Lemma deg2_path u : pk (delv G v) v2 = [:: u] -> u != v1 -> deg2_ratio f y i <= 13/27.
Proof.
move=> Eu uv1; have L'u j : L' j u = L u by rewrite remove_before_notin //= inE.
have Lu2 : (2 <= #|L u|)%N.
  have au : adj (delv G v) u v2 by rewrite adjC -(mem_pk Hpk) Eu inE.
  have [ok _] := reachable_nbr Hr a2; have [uG _] := andP (adj_mem au).
  by have := (ok u uG).2; have := deg_gt0 au; lia.
have [fr fs _] := normalize_weight_bounds (@P_range D.+1) Hr a1.
have [iu | iu] := boolP (i \in L u).
  apply: (deg2_ratio_le_uniform fr fs fi0 yi0) => j ji.
  have [R jL c3 iL] := y_deg1 Eu ji.
  by apply: P_deg1_le_6_13 R Eu jL c3 iL _; rewrite L'u iu orbT.
have [c ci cE] := missing_other_uniq Lu2 iu.
apply: (deg2_ratio_le_exception fr fs y_range fi0 yi0 ci) => j ji jc.
have [R jL c3 iL] := y_deg1 Eu ji.
have ju : j \in L u by apply: contraT => /(cE j ji) jeq; rewrite jeq eqxx in jc.
by apply: P_deg1_le_5_12 R Eu jL c3 iL _ _; rewrite L'u.
Qed.

Lemma deg2_half : adj G v1 v2 -> deg2_ratio f y i = 1/2.
Proof.
move=> a12; have [_ fs _] := normalize_weight_bounds (@P_range D.+1) Hr a1.
have [E0 | [u Eu]] := pk_v2; first by exfalso; move: a12; rewrite adj12 E0.
have uv1 : u = v1 by move: a12; rewrite adj12 Eu inE => /eqP.
rewrite uv1 in Eu; apply: (deg2_ratio_half fs fi0 yi0) => j ji.
have [R jL c3 iL] := y_deg1 Eu ji.
by apply: P_deg1_half Eu jL c3 iL _ _; rewrite L'_v1 !inE ?eqxx // (negbTE i1) andbF.
Qed.

Lemma deg2_le : ~~ adj G v1 v2 -> deg2_ratio f y i <= 13/27.
Proof.
move=> na12; have [E0 | [u Eu]] := pk_v2; first exact: deg2_isolated.
apply: (deg2_path Eu); apply: contraNneq na12 => uv1.
by rewrite adj12 Eu uv1 inE.
Qed.

End FreeColour.

End Deg2.

Lemma deg2_dichotomy G L v i a b : reachable G L v -> pk G v = [:: a; b] ->
  ((exists u1 u2, [/\ adj G v u1, adj G v u2, adj G u1 u2 & i \notin L u1 :|: L u2]) /\
   forall D, P pk D.+2 G L v i = 1/2) \/
  (forall D, P pk D.+2 G L v i <= 13/27).
Proof.
move=> Hr Ep; have [v1 [v2 [a1 a2 n12 PE]]] := P_deg2 i Hr Ep.
have [imem | /norP[i1 i2]] := boolP ((i \in L v1) || (i \in L v2)).
  by right => D; rewrite PE; apply: deg2_le_of_mem Hr a1 a2 n12 imem.
have [a12 | na12] := boolP (adj G v1 v2).
  left; split=> [|D]; last by rewrite PE; apply: deg2_half Hr a1 a2 n12 i1 i2 a12.
  by exists v1, v2; rewrite inE negb_or i1 i2.
by right => D; rewrite PE; apply: deg2_le Hr a1 a2 n12 i1 i2 na12.
Qed.

Definition tight G (L : lists) v (i : color) : Prop :=
  (deg G v = 0%N /\
     exists j w : color, [/\ j != w, j != i, w != i, j \notin L v & w \notin L v]) \/
  (deg G v = 1%N /\
     exists u, [/\ adj G v u, i \notin L u &
                  exists j : color, [/\ j != i, j \notin L u & j \notin L v]]) \/
  (deg G v = 2%N /\
     exists u1 u2, [/\ adj G v u1, adj G v u2, adj G u1 u2 & i \notin L u1 :|: L u2]).

Lemma P_dichotomy G L v i : reachable G L v ->
  (tight G L v i /\ forall D, (2 <= D)%N -> P pk D G L v i = 1/2) \/
  ((forall D, (2 <= D)%N -> P pk D G L v i <= 13/27) /\
   ((deg G v <= 1)%N -> forall D, (2 <= D)%N -> P pk D G L v i <= 6/13)).
Proof.
move=> Hr; have [_ [_ dv lv]] := Hr.
have [Hi | Hi] := boolP (i \in L v); last first.
  by right; split=> [|_] D _; rewrite (P_notin _ _ Hi); lra.
case Ep: (pk G v) (size_pk Hpk G v) => [|u [|a [|b s]]] dG; rewrite /= in dG.
- have PE D : P pk D G L v i = #|L v|%:R^-1 := P_deg0 D Hi Ep.
  have [c2 | c2] := eqVneq #|L v| 2%N.
    left; split=> [|D _]; last by rewrite PE c2 mul1r.
    by left; split; [rewrite dG | exact: card2_two_missing].
  have : (#|L v|%:R^-1 : rat) <= 1/3 by apply: inv_card_le_1_3; lia.
  by right; split=> [|_] D _; rewrite PE; lra.
- have [[T half] | le] := deg1_dichotomy Hr Ep Hi.
    left; split; last by apply: ge2_of_shift => D; exact: half.
    by right; left; split; [rewrite dG | exists u].
  by right; split=> [|_]; apply: ge2_of_shift => D; have := le D.+1; lra.
- have [[T half] | le] := deg2_dichotomy i Hr Ep.
    left; split; last exact: ge2_of_shift half.
    by right; right; split; [rewrite dG |].
  by right; split=> [|d1]; [exact: ge2_of_shift le | exfalso; rewrite -dG in d1].
- by exfalso; move: dv; rewrite -dG.
Qed.

End Procedure.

────

* PROBLEM TO SOLVE *
Repeat each of the entries exactly as written.

* ANSWER TO THE PROBLEM *
Lemma deg2_path u : pk (delv G v) v2 = [:: u] -> u != v1 -> deg2_ratio f y i <= 13/27.
Proof.
move=> Eu uv1; have L'u j : L' j u = L u by rewrite remove_before_notin //= inE.
have Lu2 : (2 <= #|L u|)%N.
  have au : adj (delv G v) u v2 by rewrite adjC -(mem_pk Hpk) Eu inE.
  have [ok _] := reachable_nbr Hr a2; have [uG _] := andP (adj_mem au).
  by have := (ok u uG).2; have := deg_gt0 au; lia.
have [fr fs _] := normalize_weight_bounds (@P_range D.+1) Hr a1.
have [iu | iu] := boolP (i \in L u).
  apply: (deg2_ratio_le_uniform fr fs fi0 yi0) => j ji.
  have [R jL c3 iL] := y_deg1 Eu ji.
  by apply: P_deg1_le_6_13 R Eu jL c3 iL _; rewrite L'u iu orbT.
have [c ci cE] := missing_other_uniq Lu2 iu.
apply: (deg2_ratio_le_exception fr fs y_range fi0 yi0 ci) => j ji jc.
have [R jL c3 iL] := y_deg1 Eu ji.
have ju : j \in L u by apply: contraT => /(cE j ji) jeq; rewrite jeq eqxx in jc.
by apply: P_deg1_le_5_12 R Eu jL c3 iL _ _; rewrite L'u.
Qed.

Lemma deg2_half : adj G v1 v2 -> deg2_ratio f y i = 1/2.
Proof.
move=> a12; have [_ fs _] := normalize_weight_bounds (@P_range D.+1) Hr a1.
have [E0 | [u Eu]] := pk_v2; first by exfalso; move: a12; rewrite adj12 E0.
have uv1 : u = v1 by move: a12; rewrite adj12 Eu inE => /eqP.
rewrite uv1 in Eu; apply: (deg2_ratio_half fs fi0 yi0) => j ji.
have [R jL c3 iL] := y_deg1 Eu ji.
by apply: P_deg1_half Eu jL c3 iL _ _; rewrite L'_v1 !inE ?eqxx // (negbTE i1) andbF.
Qed.

Lemma deg2_le : ~~ adj G v1 v2 -> deg2_ratio f y i <= 13/27.
Proof.
move=> na12; have [E0 | [u Eu]] := pk_v2; first exact: deg2_isolated.
apply: (deg2_path Eu); apply: contraNneq na12 => uv1.
by rewrite adj12 Eu uv1 inE.
Qed.

End FreeColour.

End Deg2.

Lemma deg2_dichotomy G L v i a b : reachable G L v -> pk G v = [:: a; b] ->
  ((exists u1 u2, [/\ adj G v u1, adj G v u2, adj G u1 u2 & i \notin L u1 :|: L u2]) /\
   forall D, P pk D.+2 G L v i = 1/2) \/
  (forall D, P pk D.+2 G L v i <= 13/27).
Proof.
move=> Hr Ep; have [v1 [v2 [a1 a2 n12 PE]]] := P_deg2 i Hr Ep.
have [imem | /norP[i1 i2]] := boolP ((i \in L v1) || (i \in L v2)).
  by right => D; rewrite PE; apply: deg2_le_of_mem Hr a1 a2 n12 imem.
have [a12 | na12] := boolP (adj G v1 v2).
  left; split=> [|D]; last by rewrite PE; apply: deg2_half Hr a1 a2 n12 i1 i2 a12.
  by exists v1, v2; rewrite inE negb_or i1 i2.
by right => D; rewrite PE; apply: deg2_le Hr a1 a2 n12 i1 i2 na12.
Qed.

Definition tight G (L : lists) v (i : color) : Prop :=
  (deg G v = 0%N /\
     exists j w : color, [/\ j != w, j != i, w != i, j \notin L v & w \notin L v]) \/
  (deg G v = 1%N /\
     exists u, [/\ adj G v u, i \notin L u &
                  exists j : color, [/\ j != i, j \notin L u & j \notin L v]]) \/
  (deg G v = 2%N /\
     exists u1 u2, [/\ adj G v u1, adj G v u2, adj G u1 u2 & i \notin L u1 :|: L u2]).

Lemma P_dichotomy G L v i : reachable G L v ->
  (tight G L v i /\ forall D, (2 <= D)%N -> P pk D G L v i = 1/2) \/
  ((forall D, (2 <= D)%N -> P pk D G L v i <= 13/27) /\
   ((deg G v <= 1)%N -> forall D, (2 <= D)%N -> P pk D G L v i <= 6/13)).
Proof.
move=> Hr; have [_ [_ dv lv]] := Hr.
have [Hi | Hi] := boolP (i \in L v); last first.
  by right; split=> [|_] D _; rewrite (P_notin _ _ Hi); lra.
case Ep: (pk G v) (size_pk Hpk G v) => [|u [|a [|b s]]] dG; rewrite /= in dG.
- have PE D : P pk D G L v i = #|L v|%:R^-1 := P_deg0 D Hi Ep.
  have [c2 | c2] := eqVneq #|L v| 2%N.
    left; split=> [|D _]; last by rewrite PE c2 mul1r.
    by left; split; [rewrite dG | exact: card2_two_missing].
  have : (#|L v|%:R^-1 : rat) <= 1/3 by apply: inv_card_le_1_3; lia.
  by right; split=> [|_] D _; rewrite PE; lra.
- have [[T half] | le] := deg1_dichotomy Hr Ep Hi.
    left; split; last by apply: ge2_of_shift => D; exact: half.
    by right; left; split; [rewrite dG | exists u].
  by right; split=> [|_]; apply: ge2_of_shift => D; have := le D.+1; lra.
- have [[T half] | le] := deg2_dichotomy i Hr Ep.
    left; split; last exact: ge2_of_shift half.
    by right; right; split; [rewrite dG |].
  by right; split=> [|d1]; [exact: ge2_of_shift le | exfalso; rewrite -dG in d1].
- by exfalso; move: dv; rewrite -dG.
Qed.

End Procedure.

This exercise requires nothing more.